Required work =
From the entries that follow, copy exactly the lines beginning at the line holding "Lemma R_mulDl : left_distributive" and continuing through the line holding "Definition Rinvx (x".

Stored data entries =

Segment Open

(* Let $\Gamma\le\mathrm{Iso}(\mathbb{R}^{r,s})$ be a subgroup whose centralizer in $\mathrm{Iso}(\mathbb{R}^{r,s})$ has an open orbit in $\mathbb{R}^{r,s}$, let $U_0=U_\Gamma\cap U_\Gamma^\perp$, $k=\dim U_0$, $n=r+s$, and fix a Witt basis with respect to $U_0$. Then for every $\gamma=(I+A,v)\in\Gamma$ the matrix of $A$ in this basis has the block form $$A=\begin{pmatrix}0&-B^\top\tilde I&C\\0&0&B\\0&0&0\end{pmatrix}$$ with $B\in\mathbb{R}^{(n-2k)\times k}$ and $C\in\mathbb{R}^{k\times k}$ skew-symmetric. Moreover $B^\top\tilde I B=0$, i.e. the columns of $B$ are isotropic and mutually orthogonal with respect to $\tilde I$.
   Context: $\mathbb{R}^{r,s}$ denotes $\mathbb{R}^{n}$, $n=r+s$, with a nondegenerate symmetric bilinear form $\langle\cdot,\cdot\rangle$ of signature $(r,s)$; $\mathrm{Iso}(\mathbb{R}^{r,s})$ is its group of affine isometries, whose elements are written $\gamma=(I+A,v)\colon x\mapsto(I+A)x+v$. $U_\Gamma=\sum_{(I+A,v)\in\Gamma}\operatorname{im}A$, and $U_0=U_\Gamma\cap U_\Gamma^\perp$ is totally isotropic. A Witt basis with respect to $U_0$ ($k=\dim U_0$) is a basis $u_1,\dots,u_k,w_1,\dots,w_{n-2k},u_1^*,\dots,u_k^*$ of $\mathbb{R}^{r,s}$ such that $u_1,\dots,u_k$ is a basis of $U_0$, $w_1,\dots,w_{n-2k}$ is a basis of a nondegenerate subspace $W$ with $U_0^\perp=U_0\oplus W$, and $u_1^*,\dots,u_k^*$ span a totally isotropic subspace $U_0^*$ orthogonal to $W$ with $\langle u_i,u_j^*\rangle=\delta_{ij}$. $\tilde I$ is the (diagonal signature) matrix of the restriction of $\langle\cdot,\cdot\rangle$ to $W$ in the basis $w_1,\dots,w_{n-2k}$. Known facts (Wolf) for such $\Gamma$: every $(I+A,v)\in\Gamma$ satisfies $A^2=0$, $Av=0$, $\langle Ax,y\rangle=-\langle x,Ay\rangle$, $\ker A=(\operatorname{im}A)^\perp$; for $\gamma_i=(I+A_i,v_i)\in\Gamma$ one has $A_1A_2A_3=0$ and $[\gamma_1,\gamma_2]=(I+2A_1A_2,2A_1v_2)$. *)

From HB Require Import structures.
From Stdlib Require Import Reals ClassicalEpsilon FunctionalExtensionality.
From mathcomp Require Import all_boot all_order all_algebra.
Set Implicit Arguments. Unset Strict Implicit. Unset Printing Implicit Defensive.
Import Order.TTheory GRing.Theory Num.Theory.

Definition Reqb (x y : R) : bool := if Req_EM_T x y then true else false.
Lemma ReqbP : Equality.axiom Reqb.
Proof. by move=> x y; rewrite /Reqb; case: Req_EM_T => h; constructor. Qed.
HB.instance Definition _ := hasDecEq.Build R ReqbP.

Definition Rfind (P : pred R) (_ : nat) : option R :=
  match excluded_middle_informative (exists x, P x) with
  | left h => Some (proj1_sig (constructive_indefinite_description _ h))
  | right _ => None
  end.
Lemma Rfind_some P n x : Rfind P n = Some x -> P x.
Proof.
rewrite /Rfind; case: excluded_middle_informative => // h [<-].
exact: proj2_sig (constructive_indefinite_description _ h).
Qed.
Lemma Rfind_ex (P : pred R) : (exists x, P x) -> exists n, Rfind P n.
Proof. by move=> h; exists 0%N; rewrite /Rfind; case: excluded_middle_informative. Qed.
Lemma Rfind_ext (P Q : pred R) : P =1 Q -> Rfind P =1 Rfind Q.
Proof. by move=> h; have -> : P = Q by apply: functional_extensionality. Qed.
HB.instance Definition _ := hasChoice.Build R Rfind_some Rfind_ex Rfind_ext.

Lemma R_addA : associative Rplus. Proof. by move=> *; rewrite Rplus_assoc. Qed.
Lemma R_addC : commutative Rplus. Proof. exact: Rplus_comm. Qed.
Lemma R_add0 : left_id R0 Rplus. Proof. exact: Rplus_0_l. Qed.
Lemma R_addN : left_inverse R0 Ropp Rplus. Proof. exact: Rplus_opp_l. Qed.
HB.instance Definition _ := GRing.isZmodule.Build R R_addA R_addC R_add0 R_addN.

Lemma R_mulA : associative Rmult. Proof. by move=> *; rewrite Rmult_assoc. Qed.
Lemma R_mulC : commutative Rmult. Proof. exact: Rmult_comm. Qed.
Lemma R_mul1 : left_id R1 Rmult. Proof. exact: Rmult_1_l. Qed.
Lemma R_mulDl : left_distributive Rmult Rplus. Proof. exact: Rmult_plus_distr_r. Qed.
Lemma R_one_neq0 : R1 != R0. Proof. by apply/ReqbP; exact: R1_neq_R0. Qed.
HB.instance Definition _ := GRing.Zmodule_isComNzRing.Build R R_mulA R_mulC R_mul1 R_mulDl R_one_neq0.

Local Open Scope ring_scope.
Definition Rinvx (x : R) : R := if Reqb x 0 then 0 else Rinv x.
Lemma R_mulVf (x : R) : x != 0 -> Rinvx x * x = 1.
Proof.
move=> hx; rewrite /Rinvx; have -> : Reqb x 0 = false by apply/negP; move/ReqbP => e; move: hx; rewrite e eqxx.
by apply: Rinv_l => e; move: hx; rewrite e eqxx.
Qed.
Lemma R_inv0 : Rinvx 0 = 0.
Proof. by rewrite /Rinvx; have -> : Reqb 0 0 = true by exact/ReqbP. Qed.
HB.instance Definition _ := GRing.ComNzRing_isField.Build R R_mulVf R_inv0.

Definition Rleb (x y : R) : bool := if Rle_dec x y then true else false.
Definition Rltb (x y : R) : bool := if Rlt_dec x y then true else false.
Lemma RlebP x y : reflect (Rle x y) (Rleb x y).
Proof. by rewrite /Rleb; case: Rle_dec => h; constructor. Qed.
Lemma RltbP x y : reflect (Rlt x y) (Rltb x y).
Proof. by rewrite /Rltb; case: Rlt_dec => h; constructor. Qed.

Segment Closed

Reply to the task =
Lemma R_mulDl : left_distributive Rmult Rplus. Proof. exact: Rmult_plus_distr_r. Qed.
Lemma R_one_neq0 : R1 != R0. Proof. by apply/ReqbP; exact: R1_neq_R0. Qed.
HB.instance Definition _ := GRing.Zmodule_isComNzRing.Build R R_mulA R_mulC R_mul1 R_mulDl R_one_neq0.

Local Open Scope ring_scope.
Definition Rinvx (x : R) : R := if Reqb x 0 then 0 else Rinv x.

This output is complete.